▶ _Your assignment_
For each line in the data that includes "eapply", make a copy.

╭──

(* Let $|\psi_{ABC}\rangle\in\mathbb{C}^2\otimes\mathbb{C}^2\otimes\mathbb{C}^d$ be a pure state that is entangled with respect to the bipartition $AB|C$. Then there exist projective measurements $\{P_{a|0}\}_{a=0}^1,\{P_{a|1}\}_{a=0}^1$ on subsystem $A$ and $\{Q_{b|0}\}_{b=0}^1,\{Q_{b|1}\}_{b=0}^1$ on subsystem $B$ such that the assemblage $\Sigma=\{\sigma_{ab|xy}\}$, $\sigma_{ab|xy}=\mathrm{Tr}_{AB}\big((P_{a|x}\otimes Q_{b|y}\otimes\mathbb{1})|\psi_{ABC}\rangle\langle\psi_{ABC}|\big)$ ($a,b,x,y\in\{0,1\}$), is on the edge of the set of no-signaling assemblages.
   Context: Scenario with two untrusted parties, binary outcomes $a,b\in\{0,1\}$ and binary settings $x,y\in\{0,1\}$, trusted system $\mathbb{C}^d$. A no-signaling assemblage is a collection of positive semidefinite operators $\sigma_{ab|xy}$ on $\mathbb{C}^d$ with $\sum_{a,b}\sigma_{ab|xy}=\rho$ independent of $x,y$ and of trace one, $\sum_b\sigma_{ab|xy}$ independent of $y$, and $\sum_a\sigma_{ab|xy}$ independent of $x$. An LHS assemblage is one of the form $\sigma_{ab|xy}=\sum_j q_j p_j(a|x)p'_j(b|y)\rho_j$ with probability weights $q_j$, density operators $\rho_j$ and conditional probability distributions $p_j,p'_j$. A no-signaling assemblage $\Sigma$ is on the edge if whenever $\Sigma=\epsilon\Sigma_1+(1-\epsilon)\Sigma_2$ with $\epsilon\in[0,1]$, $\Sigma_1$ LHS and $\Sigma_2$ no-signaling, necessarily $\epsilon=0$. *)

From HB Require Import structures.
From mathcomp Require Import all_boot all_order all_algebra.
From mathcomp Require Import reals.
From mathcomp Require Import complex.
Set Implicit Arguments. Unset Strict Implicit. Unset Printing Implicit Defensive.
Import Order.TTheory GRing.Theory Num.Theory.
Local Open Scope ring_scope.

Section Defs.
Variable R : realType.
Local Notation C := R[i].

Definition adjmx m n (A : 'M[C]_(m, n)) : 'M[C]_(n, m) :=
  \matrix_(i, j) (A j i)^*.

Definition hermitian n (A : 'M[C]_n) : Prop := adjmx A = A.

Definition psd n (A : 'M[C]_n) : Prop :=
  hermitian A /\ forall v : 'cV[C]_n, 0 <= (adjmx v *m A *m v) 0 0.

╰──
╭──

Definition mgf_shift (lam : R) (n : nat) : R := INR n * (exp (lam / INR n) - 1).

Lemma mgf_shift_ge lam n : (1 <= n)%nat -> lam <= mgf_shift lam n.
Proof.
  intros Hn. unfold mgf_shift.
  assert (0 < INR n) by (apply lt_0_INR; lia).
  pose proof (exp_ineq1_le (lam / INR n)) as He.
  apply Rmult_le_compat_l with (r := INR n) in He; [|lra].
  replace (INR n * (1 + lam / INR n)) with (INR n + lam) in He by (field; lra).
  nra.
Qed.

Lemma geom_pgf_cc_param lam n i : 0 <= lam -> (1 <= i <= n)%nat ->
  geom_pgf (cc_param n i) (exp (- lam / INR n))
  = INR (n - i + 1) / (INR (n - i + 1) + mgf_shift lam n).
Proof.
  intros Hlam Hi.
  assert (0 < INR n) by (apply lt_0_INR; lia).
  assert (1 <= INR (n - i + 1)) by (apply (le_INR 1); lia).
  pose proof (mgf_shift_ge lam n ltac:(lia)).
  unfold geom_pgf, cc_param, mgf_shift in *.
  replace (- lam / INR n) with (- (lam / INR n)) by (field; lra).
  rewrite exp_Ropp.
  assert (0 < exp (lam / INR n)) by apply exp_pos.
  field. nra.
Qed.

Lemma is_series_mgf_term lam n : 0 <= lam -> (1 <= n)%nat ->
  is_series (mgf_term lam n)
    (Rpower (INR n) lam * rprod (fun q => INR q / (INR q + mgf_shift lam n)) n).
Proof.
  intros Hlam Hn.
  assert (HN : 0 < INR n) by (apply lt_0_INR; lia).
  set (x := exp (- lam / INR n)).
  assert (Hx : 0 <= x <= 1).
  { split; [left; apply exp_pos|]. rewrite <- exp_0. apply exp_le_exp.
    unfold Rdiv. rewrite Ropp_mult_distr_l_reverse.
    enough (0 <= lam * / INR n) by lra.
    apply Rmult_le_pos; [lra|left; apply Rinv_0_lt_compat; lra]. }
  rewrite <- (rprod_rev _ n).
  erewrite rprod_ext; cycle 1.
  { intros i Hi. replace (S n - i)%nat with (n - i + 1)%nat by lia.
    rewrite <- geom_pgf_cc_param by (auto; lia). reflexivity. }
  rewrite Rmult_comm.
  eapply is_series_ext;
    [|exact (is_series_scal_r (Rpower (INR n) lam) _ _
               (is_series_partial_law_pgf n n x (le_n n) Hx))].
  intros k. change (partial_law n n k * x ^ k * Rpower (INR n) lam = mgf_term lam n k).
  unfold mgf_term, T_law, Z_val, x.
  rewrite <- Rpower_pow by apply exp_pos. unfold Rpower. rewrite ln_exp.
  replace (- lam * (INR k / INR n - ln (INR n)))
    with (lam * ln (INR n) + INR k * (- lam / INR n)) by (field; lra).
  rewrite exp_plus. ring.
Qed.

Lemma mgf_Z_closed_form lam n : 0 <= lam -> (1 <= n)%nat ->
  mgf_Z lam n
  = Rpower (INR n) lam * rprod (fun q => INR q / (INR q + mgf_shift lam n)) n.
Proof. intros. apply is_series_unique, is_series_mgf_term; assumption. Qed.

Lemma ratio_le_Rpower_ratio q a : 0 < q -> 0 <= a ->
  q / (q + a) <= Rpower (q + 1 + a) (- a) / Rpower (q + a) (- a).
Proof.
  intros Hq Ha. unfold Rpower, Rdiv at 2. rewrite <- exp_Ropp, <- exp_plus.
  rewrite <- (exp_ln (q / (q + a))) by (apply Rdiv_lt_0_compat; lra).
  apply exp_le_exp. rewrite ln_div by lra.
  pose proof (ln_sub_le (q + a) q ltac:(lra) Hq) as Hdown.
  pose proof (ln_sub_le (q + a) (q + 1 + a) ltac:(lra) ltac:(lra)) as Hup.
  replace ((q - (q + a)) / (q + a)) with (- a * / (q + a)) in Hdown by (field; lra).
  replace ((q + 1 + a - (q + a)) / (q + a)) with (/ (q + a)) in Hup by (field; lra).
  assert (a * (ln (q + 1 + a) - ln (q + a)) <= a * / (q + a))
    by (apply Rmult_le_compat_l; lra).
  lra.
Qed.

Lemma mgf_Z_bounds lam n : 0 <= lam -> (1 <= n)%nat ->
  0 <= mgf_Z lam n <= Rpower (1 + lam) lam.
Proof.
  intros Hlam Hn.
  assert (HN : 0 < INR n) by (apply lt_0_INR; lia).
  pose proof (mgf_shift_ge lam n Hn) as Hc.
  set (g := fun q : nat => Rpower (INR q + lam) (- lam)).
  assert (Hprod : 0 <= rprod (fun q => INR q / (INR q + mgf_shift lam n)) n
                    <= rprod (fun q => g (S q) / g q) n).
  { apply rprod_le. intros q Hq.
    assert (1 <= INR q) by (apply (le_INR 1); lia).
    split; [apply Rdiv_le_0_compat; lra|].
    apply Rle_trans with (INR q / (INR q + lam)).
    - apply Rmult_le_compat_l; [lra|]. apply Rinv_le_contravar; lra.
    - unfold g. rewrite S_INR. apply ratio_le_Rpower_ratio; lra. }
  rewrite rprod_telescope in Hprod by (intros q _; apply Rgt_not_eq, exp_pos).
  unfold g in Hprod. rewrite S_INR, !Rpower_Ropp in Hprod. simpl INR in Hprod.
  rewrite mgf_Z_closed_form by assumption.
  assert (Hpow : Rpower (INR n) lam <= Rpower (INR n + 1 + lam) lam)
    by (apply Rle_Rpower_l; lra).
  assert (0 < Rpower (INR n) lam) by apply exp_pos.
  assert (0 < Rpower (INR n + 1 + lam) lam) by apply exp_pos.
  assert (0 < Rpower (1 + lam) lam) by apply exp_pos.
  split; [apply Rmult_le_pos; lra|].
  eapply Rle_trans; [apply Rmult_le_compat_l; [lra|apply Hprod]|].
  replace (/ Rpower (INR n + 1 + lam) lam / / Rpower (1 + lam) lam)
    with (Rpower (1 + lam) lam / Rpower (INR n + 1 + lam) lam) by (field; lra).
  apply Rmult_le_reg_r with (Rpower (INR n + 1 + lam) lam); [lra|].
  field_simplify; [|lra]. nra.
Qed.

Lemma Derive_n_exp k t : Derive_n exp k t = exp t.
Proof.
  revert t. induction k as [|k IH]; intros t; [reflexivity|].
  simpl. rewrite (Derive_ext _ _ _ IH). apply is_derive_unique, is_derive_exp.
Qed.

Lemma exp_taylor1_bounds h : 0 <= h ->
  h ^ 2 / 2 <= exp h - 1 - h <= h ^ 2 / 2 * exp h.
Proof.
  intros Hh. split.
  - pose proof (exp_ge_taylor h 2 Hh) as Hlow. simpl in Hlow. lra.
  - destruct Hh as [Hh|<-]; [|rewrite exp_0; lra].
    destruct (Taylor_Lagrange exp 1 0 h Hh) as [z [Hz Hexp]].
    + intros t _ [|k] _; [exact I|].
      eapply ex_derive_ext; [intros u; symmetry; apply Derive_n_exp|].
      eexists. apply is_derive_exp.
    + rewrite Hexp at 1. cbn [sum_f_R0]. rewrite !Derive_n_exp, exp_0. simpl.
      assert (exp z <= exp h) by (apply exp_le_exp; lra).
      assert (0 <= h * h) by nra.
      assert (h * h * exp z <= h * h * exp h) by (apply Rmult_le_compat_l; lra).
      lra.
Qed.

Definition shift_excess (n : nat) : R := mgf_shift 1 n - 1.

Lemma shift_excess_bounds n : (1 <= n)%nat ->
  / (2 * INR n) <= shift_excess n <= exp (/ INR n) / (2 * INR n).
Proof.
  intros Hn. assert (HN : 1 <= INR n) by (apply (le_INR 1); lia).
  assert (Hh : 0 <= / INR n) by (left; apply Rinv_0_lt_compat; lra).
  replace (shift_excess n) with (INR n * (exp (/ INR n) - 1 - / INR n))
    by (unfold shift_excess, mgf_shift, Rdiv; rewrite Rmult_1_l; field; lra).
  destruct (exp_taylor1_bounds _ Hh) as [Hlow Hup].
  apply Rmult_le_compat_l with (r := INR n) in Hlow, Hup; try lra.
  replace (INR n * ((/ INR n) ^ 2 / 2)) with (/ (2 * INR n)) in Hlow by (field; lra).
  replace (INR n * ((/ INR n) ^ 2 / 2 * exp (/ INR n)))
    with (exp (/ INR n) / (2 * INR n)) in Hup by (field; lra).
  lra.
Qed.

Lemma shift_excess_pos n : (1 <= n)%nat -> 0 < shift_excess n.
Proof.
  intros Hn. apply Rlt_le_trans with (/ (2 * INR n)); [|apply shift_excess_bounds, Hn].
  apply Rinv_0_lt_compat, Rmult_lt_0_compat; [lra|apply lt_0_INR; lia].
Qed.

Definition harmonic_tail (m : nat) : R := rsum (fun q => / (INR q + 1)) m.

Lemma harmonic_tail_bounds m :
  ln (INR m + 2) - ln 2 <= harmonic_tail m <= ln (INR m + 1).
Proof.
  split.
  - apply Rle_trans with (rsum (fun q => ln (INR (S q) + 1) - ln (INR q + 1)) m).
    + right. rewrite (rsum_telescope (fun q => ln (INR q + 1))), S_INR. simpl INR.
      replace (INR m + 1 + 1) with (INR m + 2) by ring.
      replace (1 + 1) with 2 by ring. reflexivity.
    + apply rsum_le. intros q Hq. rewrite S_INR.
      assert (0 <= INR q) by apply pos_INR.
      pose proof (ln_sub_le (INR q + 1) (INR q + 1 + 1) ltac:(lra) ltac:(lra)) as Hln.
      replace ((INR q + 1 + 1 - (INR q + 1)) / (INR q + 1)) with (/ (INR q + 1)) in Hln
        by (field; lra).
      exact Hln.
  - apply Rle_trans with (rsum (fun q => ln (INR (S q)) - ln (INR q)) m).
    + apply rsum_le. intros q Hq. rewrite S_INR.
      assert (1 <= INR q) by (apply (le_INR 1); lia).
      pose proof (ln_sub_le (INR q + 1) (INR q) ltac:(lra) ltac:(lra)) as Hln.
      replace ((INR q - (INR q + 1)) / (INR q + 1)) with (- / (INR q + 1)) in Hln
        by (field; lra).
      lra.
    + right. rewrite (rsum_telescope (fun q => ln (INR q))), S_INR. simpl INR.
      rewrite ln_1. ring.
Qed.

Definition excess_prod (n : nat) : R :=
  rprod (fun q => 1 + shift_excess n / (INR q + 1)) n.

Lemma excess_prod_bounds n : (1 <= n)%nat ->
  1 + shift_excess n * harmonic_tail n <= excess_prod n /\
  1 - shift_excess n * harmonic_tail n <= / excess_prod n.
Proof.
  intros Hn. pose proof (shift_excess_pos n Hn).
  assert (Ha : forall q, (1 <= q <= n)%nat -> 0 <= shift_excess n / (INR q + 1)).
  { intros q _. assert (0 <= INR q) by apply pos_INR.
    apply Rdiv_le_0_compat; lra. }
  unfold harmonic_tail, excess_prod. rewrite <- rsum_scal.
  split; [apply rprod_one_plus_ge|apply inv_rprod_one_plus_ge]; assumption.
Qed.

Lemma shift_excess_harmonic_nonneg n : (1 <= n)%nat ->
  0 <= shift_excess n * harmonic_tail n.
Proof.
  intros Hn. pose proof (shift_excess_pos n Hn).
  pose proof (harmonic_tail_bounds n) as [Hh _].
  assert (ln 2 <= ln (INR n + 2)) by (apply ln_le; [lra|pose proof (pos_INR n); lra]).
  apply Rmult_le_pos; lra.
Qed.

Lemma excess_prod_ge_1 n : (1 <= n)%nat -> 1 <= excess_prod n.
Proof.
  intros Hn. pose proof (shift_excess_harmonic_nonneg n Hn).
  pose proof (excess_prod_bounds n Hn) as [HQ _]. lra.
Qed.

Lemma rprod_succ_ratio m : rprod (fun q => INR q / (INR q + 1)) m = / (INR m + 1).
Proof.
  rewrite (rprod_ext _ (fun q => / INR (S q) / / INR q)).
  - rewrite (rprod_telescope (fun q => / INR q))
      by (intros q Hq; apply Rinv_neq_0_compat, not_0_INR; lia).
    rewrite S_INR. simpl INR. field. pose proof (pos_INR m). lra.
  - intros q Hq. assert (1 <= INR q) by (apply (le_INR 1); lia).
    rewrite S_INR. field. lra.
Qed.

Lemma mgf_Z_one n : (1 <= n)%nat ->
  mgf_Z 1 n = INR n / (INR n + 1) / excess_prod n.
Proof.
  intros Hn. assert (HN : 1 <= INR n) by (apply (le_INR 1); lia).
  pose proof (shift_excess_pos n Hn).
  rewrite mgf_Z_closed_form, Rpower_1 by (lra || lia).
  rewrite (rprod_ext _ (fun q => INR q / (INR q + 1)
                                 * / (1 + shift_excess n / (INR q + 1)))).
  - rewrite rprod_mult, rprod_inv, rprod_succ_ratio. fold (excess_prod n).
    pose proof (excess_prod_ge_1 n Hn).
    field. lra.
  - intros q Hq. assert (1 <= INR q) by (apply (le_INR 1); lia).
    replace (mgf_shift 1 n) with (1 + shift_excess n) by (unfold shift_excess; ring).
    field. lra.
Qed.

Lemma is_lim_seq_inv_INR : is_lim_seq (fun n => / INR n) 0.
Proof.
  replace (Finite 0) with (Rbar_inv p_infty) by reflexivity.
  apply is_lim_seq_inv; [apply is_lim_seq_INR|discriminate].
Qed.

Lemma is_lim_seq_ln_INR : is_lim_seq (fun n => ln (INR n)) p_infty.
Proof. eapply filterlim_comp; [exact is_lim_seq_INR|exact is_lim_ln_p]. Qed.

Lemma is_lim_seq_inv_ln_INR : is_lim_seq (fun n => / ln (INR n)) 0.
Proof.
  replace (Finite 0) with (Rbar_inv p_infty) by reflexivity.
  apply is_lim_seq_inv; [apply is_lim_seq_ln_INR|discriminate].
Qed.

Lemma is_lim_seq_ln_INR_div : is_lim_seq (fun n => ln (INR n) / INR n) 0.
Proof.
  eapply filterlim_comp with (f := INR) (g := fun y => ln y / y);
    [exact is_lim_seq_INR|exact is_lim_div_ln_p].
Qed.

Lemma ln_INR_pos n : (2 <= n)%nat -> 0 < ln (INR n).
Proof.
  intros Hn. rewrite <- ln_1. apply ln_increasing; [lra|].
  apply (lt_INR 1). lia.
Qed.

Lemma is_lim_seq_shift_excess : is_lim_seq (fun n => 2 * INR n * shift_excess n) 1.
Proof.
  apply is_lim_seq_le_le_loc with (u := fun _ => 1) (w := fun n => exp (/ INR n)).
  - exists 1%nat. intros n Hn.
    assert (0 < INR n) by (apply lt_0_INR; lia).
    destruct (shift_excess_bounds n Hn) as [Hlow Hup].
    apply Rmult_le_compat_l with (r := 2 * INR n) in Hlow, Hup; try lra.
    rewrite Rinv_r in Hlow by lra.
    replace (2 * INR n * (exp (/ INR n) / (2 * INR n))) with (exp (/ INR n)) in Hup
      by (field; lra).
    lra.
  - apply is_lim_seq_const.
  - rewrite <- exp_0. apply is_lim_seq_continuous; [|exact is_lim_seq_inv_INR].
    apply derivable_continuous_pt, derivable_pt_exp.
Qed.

╰──

▶ _Completed exercise_
  eapply is_series_ext;
  eapply Rle_trans; [apply Rmult_le_compat_l; [lra|apply Hprod]|].
      eapply ex_derive_ext; [intros u; symmetry; apply Derive_n_exp|].
Proof. eapply filterlim_comp; [exact is_lim_seq_INR|exact is_lim_ln_p]. Qed.
  eapply filterlim_comp with (f := INR) (g := fun y => ln y / y);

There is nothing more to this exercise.